The SEC and state regulators have raised concerns regarding Coinbase’s staking program, alleging the sale of unregistered securities.
In fact, the SEC filed a lawsuit against Coinbase in June, accusing the exchange of violating securities laws through the introduction of a lending product that enables users to earn interest on their crypto assets.
Coinbase has strongly denied the classification of its staking and lending products as securities. The exchange argues that these offerings are fundamental to the growth and security of the decentralized crypto economy.
Furthermore, Coinbase has criticized the SEC for displaying hostility and uncertainty towards the crypto industry.

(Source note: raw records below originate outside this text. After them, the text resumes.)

(* Let $n\ge 2$ and let $\mathcal{P}_E(SD_{8n})$ be the enhanced power graph of the semidihedral group $SD_{8n}$. Put $\alpha=8n-1$, $\beta=6n-1$, $\gamma=4n-1$, and let $Q$ be the $(n+4)\times(n+4)$ matrix with rows and columns indexed by $1,\dots,n+4$ given by: row $1$: $Q_{11}=0$, $Q_{12}=\sqrt{\alpha^2+\beta^2}$, $Q_{13}=(4n-2)\sqrt{\alpha^2+\gamma^2}$, $Q_{1j}=2\sqrt{\alpha^2+9}$ for $4\le j\le n+3$, $Q_{1,n+4}=2n\sqrt{\alpha^2+1}$; row $2$: $Q_{21}=\sqrt{\alpha^2+\beta^2}$, $Q_{22}=0$, $Q_{23}=(4n-2)\sqrt{\beta^2+\gamma^2}$, $Q_{2j}=2\sqrt{\beta^2+9}$ for $4\le j\le n+3$, $Q_{2,n+4}=0$; row $3$: $Q_{31}=\sqrt{\alpha^2+\gamma^2}$, $Q_{32}=\sqrt{\beta^2+\gamma^2}$, $Q_{33}=(4n-3)(4n-1)\sqrt2$, all other entries $0$; row $i$ for $4\le i\le n+3$: $Q_{i1}=\sqrt{\alpha^2+9}$, $Q_{i2}=\sqrt{\beta^2+9}$, $Q_{ii}=3\sqrt2$, all other entries $0$; row $n+4$: $Q_{n+4,1}=\sqrt{\alpha^2+1}$, all other entries $0$. Then the Sombor spectrum of $\mathcal{P}_E(SD_{8n})$ consists of $-(4n-1)\sqrt2$ with multiplicity $4n-3$, $0$ with multiplicity $2n-1$, $-3\sqrt2$ with multiplicity $n$, together with the eigenvalues (with multiplicity) of $Q$.
   Context: For a finite simple graph $\Gamma$ with vertices $u_1,\dots,u_N$, the Sombor matrix $S(\Gamma)$ has $(i,j)$ entry $\sqrt{\deg(u_i)^2+\deg(u_j)^2}$ if $u_i,u_j$ are adjacent and $0$ otherwise; the Sombor spectrum is the multiset of its eigenvalues. $SD_{8n}=\langle a,b: a^{4n}=b^2=e,\ ba=a^{2n-1}b\rangle$ of order $8n$. The enhanced power graph $\mathcal{P}_E(G)$ of a group $G$ has vertex set $G$, two distinct vertices being adjacent iff both belong to a common cyclic subgroup of $G$. *)

From HB Require Import structures.
From mathcomp Require Import all_boot all_order all_algebra all_fingroup.
Set Implicit Arguments. Unset Strict Implicit. Unset Printing Implicit Defensive.
Import Order.TTheory GRing.Theory Num.Theory.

In a recent blog post, Coinbase stated that it is actively collaborating with policymakers in various states to ensure the continued availability of its staking program for all customers.
However, orders issued by authorities in California, New Jersey, South Carolina, and Wisconsin have compelled Coinbase to cease processing new staking assets for residents of those states.
Existing customers who have already staked their crypto assets will not experience any disruption due to these orders. Coinbase assures affected customers that it will provide email notifications and further details in the help center regarding the situation.
Coinbase clarifies that its staking services will continue to operate as usual in states where legal proceedings are still ongoing, emphasizing that these actions only impact the four specified states.